TASK DESCRIPTION: In the entries below, the lines from the one with "intros m Hm." through the one with "apply RtoC_inj. rewrite <- !Csum_RtoC." are to be copied exactly; both ends count.
------ ENTRIES SUPPLIED
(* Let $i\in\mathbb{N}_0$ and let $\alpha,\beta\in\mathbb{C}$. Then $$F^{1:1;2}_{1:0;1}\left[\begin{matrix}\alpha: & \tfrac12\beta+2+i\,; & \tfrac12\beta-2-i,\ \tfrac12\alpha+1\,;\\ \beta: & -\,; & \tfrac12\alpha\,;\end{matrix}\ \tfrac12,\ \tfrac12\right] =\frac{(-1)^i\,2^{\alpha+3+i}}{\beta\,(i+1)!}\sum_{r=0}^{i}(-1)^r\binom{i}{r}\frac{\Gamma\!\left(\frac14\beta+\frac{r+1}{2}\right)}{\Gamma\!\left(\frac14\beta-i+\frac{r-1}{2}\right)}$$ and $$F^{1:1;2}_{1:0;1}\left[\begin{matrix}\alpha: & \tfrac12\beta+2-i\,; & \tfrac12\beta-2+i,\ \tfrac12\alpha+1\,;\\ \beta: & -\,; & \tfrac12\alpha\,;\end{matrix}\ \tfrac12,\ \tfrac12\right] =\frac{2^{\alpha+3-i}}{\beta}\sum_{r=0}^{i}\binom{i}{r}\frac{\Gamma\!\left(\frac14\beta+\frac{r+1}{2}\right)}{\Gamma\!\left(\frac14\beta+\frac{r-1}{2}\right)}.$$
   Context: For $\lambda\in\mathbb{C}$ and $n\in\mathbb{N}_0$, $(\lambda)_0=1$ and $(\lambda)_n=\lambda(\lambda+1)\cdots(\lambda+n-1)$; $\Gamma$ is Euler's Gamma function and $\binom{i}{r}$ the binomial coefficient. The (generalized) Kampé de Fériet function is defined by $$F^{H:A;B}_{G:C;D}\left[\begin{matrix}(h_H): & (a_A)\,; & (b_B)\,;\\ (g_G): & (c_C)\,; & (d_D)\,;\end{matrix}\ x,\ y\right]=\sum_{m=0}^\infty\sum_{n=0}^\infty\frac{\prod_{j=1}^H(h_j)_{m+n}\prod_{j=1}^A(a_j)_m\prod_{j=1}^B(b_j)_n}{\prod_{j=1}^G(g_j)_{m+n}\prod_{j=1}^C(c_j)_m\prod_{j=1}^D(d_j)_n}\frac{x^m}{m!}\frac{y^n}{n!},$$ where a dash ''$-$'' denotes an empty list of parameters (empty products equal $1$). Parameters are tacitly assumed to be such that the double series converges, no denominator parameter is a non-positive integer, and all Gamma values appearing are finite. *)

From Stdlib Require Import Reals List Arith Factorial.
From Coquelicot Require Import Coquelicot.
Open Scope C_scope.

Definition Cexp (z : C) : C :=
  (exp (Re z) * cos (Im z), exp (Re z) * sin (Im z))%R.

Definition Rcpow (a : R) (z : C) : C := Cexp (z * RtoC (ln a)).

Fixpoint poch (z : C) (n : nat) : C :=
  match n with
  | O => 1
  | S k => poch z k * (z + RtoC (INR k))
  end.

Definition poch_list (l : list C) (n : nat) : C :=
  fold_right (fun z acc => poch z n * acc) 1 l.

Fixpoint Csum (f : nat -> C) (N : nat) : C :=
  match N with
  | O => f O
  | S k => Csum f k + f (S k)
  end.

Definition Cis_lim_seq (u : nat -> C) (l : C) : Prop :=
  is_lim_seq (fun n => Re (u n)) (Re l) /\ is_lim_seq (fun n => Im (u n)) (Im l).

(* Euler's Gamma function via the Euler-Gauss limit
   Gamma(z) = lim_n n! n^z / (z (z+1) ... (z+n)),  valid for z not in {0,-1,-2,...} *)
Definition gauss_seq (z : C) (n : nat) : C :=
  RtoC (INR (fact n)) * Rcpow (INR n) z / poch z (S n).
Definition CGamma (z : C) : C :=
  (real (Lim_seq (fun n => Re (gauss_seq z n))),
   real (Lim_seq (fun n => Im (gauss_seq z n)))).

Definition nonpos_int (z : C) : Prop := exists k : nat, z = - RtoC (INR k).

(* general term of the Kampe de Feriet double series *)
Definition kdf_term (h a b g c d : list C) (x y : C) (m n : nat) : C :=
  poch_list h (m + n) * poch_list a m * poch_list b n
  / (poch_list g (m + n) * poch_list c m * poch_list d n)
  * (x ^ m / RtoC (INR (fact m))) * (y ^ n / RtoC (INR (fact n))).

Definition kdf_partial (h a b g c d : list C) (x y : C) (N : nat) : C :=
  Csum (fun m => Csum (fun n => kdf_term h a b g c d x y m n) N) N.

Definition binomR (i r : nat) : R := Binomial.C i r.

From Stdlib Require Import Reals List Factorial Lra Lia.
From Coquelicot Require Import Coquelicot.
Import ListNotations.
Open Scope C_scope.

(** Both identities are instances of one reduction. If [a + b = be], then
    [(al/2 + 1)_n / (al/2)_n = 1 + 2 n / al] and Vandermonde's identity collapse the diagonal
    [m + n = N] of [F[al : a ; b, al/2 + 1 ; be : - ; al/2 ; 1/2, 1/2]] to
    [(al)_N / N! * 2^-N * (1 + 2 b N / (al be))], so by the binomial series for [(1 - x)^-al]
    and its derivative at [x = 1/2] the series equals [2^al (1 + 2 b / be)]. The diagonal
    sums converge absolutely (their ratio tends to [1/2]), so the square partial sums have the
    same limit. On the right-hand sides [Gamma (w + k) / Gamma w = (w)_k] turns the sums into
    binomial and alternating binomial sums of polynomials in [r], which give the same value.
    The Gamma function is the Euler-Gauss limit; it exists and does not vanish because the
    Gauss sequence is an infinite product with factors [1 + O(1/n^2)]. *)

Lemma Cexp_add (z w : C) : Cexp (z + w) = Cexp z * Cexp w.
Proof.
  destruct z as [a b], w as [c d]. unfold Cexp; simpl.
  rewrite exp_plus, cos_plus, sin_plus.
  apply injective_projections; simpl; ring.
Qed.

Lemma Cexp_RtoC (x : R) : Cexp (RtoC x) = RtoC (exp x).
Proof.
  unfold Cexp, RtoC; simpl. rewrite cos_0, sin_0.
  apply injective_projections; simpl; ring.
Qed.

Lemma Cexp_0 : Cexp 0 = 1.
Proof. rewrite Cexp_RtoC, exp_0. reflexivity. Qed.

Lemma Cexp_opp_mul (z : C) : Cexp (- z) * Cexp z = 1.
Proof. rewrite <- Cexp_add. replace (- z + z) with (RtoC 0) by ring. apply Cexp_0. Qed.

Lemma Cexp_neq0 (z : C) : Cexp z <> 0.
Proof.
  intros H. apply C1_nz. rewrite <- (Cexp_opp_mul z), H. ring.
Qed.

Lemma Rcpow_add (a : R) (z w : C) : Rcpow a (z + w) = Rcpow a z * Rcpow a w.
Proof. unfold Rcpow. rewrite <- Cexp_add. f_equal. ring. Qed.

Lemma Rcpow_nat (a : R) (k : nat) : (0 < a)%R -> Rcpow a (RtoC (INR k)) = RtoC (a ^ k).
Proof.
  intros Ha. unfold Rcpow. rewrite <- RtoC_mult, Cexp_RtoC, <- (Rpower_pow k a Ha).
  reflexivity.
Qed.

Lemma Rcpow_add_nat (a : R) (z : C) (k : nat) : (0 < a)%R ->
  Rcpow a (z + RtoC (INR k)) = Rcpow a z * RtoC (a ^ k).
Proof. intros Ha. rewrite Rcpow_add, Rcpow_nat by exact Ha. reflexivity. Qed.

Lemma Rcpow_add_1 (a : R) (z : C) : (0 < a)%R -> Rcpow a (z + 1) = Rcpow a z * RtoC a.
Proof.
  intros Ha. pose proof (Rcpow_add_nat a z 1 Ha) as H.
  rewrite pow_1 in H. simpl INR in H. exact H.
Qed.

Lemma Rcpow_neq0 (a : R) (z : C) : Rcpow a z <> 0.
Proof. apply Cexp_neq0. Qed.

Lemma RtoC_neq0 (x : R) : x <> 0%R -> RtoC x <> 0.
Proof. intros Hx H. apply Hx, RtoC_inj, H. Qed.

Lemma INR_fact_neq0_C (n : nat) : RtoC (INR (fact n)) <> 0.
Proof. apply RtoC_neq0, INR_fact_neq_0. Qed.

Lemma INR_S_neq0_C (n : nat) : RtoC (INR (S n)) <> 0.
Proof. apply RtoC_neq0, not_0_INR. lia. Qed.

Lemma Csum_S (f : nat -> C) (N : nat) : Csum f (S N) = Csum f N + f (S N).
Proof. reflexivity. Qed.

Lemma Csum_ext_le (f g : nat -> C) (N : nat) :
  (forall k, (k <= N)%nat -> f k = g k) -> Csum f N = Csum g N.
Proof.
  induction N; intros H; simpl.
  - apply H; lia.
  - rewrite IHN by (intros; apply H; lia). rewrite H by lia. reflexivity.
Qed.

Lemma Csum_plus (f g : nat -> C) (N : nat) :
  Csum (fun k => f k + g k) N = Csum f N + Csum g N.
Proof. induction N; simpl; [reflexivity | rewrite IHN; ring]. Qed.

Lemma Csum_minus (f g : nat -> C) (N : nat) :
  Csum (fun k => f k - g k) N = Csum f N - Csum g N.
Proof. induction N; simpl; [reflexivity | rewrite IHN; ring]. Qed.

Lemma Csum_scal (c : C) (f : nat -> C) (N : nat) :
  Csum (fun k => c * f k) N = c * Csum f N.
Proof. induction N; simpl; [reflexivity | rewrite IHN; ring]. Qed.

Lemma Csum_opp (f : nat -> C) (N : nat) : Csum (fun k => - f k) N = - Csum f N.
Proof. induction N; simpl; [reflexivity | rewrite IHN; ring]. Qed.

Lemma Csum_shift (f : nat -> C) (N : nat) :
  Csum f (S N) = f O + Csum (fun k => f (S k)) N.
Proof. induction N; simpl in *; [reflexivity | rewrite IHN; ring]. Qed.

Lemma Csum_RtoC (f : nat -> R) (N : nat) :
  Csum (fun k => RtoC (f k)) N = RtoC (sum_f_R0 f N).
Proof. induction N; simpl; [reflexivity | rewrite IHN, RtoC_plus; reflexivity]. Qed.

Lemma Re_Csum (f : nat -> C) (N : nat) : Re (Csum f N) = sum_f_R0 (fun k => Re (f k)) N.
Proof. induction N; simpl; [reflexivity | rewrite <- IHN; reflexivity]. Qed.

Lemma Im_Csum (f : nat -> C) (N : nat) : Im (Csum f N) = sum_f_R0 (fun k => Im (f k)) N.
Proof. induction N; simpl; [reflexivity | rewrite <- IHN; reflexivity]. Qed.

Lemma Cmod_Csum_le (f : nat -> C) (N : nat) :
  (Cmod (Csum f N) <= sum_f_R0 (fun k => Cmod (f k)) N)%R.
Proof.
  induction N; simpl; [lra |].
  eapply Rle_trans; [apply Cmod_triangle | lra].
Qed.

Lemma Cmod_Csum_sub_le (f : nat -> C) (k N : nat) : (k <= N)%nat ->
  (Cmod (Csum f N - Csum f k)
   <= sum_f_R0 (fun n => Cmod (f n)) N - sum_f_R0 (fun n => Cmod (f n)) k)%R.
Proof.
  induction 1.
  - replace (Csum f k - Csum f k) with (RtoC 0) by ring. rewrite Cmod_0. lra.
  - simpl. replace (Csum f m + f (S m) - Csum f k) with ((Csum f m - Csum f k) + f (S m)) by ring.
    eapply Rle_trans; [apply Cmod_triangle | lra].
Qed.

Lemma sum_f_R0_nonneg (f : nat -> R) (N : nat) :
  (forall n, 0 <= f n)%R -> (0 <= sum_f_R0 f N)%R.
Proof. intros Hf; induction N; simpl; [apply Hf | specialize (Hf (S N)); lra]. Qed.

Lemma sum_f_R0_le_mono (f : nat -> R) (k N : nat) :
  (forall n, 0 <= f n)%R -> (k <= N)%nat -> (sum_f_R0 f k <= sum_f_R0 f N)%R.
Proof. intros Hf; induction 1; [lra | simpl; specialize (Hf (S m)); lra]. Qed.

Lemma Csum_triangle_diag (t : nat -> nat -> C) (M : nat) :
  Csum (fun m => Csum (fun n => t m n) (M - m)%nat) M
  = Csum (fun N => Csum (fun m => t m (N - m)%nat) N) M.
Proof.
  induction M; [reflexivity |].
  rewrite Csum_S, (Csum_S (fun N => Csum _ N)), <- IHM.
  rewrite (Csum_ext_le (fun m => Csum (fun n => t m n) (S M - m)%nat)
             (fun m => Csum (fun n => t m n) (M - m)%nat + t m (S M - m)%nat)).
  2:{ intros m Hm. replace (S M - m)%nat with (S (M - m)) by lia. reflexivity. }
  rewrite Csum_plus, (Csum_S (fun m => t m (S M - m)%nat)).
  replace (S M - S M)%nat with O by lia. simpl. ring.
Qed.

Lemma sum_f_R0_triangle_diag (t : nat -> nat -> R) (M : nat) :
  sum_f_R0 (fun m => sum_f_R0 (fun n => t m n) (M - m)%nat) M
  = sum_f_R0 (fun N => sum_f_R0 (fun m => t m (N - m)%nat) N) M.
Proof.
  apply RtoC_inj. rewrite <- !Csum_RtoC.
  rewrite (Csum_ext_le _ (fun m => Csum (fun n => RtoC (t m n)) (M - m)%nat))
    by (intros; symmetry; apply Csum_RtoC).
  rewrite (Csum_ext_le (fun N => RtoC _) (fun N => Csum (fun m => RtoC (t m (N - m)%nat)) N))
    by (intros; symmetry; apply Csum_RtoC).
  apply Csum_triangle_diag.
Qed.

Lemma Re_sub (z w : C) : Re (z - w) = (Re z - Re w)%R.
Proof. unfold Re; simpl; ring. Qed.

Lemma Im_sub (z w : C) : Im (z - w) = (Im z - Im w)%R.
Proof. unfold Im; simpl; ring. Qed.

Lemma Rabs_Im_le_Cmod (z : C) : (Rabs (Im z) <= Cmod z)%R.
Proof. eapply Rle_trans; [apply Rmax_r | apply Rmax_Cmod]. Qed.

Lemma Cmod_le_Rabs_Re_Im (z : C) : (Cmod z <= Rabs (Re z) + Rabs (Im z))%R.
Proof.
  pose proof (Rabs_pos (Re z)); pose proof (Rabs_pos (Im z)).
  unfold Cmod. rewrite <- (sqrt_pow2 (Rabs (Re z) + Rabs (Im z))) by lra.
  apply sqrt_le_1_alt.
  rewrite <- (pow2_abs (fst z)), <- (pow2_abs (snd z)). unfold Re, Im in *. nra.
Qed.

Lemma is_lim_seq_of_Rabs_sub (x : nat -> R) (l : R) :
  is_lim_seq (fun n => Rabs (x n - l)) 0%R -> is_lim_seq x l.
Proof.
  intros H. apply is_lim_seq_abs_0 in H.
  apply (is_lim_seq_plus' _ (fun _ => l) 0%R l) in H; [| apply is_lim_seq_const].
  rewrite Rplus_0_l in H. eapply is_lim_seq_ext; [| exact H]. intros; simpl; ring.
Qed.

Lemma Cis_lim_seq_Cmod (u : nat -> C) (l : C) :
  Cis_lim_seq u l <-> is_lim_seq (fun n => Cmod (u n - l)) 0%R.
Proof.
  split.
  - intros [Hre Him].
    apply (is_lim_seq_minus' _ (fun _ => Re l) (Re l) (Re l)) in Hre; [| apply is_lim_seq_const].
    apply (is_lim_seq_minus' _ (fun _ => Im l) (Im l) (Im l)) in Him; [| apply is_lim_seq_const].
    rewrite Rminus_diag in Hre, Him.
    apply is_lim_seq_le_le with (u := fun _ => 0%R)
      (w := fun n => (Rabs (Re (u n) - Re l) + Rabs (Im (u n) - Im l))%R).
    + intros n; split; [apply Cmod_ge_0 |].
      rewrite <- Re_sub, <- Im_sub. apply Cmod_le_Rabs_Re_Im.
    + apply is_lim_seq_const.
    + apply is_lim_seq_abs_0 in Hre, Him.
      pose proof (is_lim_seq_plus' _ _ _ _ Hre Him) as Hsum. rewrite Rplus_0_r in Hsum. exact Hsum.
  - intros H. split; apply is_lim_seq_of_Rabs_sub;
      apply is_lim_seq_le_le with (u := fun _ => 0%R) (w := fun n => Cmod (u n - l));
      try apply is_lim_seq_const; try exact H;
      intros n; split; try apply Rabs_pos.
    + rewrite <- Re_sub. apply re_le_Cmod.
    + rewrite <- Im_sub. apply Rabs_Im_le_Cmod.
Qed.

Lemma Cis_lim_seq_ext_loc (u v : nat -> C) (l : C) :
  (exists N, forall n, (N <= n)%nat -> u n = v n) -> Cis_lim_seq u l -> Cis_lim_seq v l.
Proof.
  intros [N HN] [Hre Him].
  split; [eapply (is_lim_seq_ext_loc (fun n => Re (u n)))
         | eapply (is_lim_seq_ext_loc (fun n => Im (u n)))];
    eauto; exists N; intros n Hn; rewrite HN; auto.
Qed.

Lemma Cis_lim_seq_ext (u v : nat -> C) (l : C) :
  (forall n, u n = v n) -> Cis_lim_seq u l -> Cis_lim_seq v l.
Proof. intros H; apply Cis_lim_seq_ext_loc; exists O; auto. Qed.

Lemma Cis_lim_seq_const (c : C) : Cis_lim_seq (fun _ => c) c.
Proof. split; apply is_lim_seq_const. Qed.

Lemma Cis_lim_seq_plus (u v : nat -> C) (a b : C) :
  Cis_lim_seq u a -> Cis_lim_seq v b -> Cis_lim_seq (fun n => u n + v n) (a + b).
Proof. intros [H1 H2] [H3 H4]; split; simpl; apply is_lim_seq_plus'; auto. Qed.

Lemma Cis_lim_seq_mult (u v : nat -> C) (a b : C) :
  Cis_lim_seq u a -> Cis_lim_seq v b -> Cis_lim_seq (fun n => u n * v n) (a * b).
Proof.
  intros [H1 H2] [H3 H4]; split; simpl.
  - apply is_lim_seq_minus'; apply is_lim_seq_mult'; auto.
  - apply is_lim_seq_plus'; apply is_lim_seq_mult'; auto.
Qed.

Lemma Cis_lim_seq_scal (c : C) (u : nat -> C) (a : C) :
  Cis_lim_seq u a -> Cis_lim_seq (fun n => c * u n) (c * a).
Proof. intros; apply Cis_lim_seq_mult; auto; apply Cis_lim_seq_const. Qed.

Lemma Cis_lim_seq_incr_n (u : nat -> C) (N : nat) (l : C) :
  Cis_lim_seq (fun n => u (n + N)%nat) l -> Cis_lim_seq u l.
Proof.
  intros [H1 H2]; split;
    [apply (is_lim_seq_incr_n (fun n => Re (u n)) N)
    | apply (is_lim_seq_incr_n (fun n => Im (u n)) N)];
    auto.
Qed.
------------
SOLUTION TO THIS TASK:
  2:{ intros m Hm. replace (S M - m)%nat with (S (M - m)) by lia. reflexivity. }
  rewrite Csum_plus, (Csum_S (fun m => t m (S M - m)%nat)).
  replace (S M - S M)%nat with O by lia. simpl. ring.
Qed.

Lemma sum_f_R0_triangle_diag (t : nat -> nat -> R) (M : nat) :
  sum_f_R0 (fun m => sum_f_R0 (fun n => t m n) (M - m)%nat) M
  = sum_f_R0 (fun N => sum_f_R0 (fun m => t m (N - m)%nat) N) M.
Proof.
  apply RtoC_inj. rewrite <- !Csum_RtoC.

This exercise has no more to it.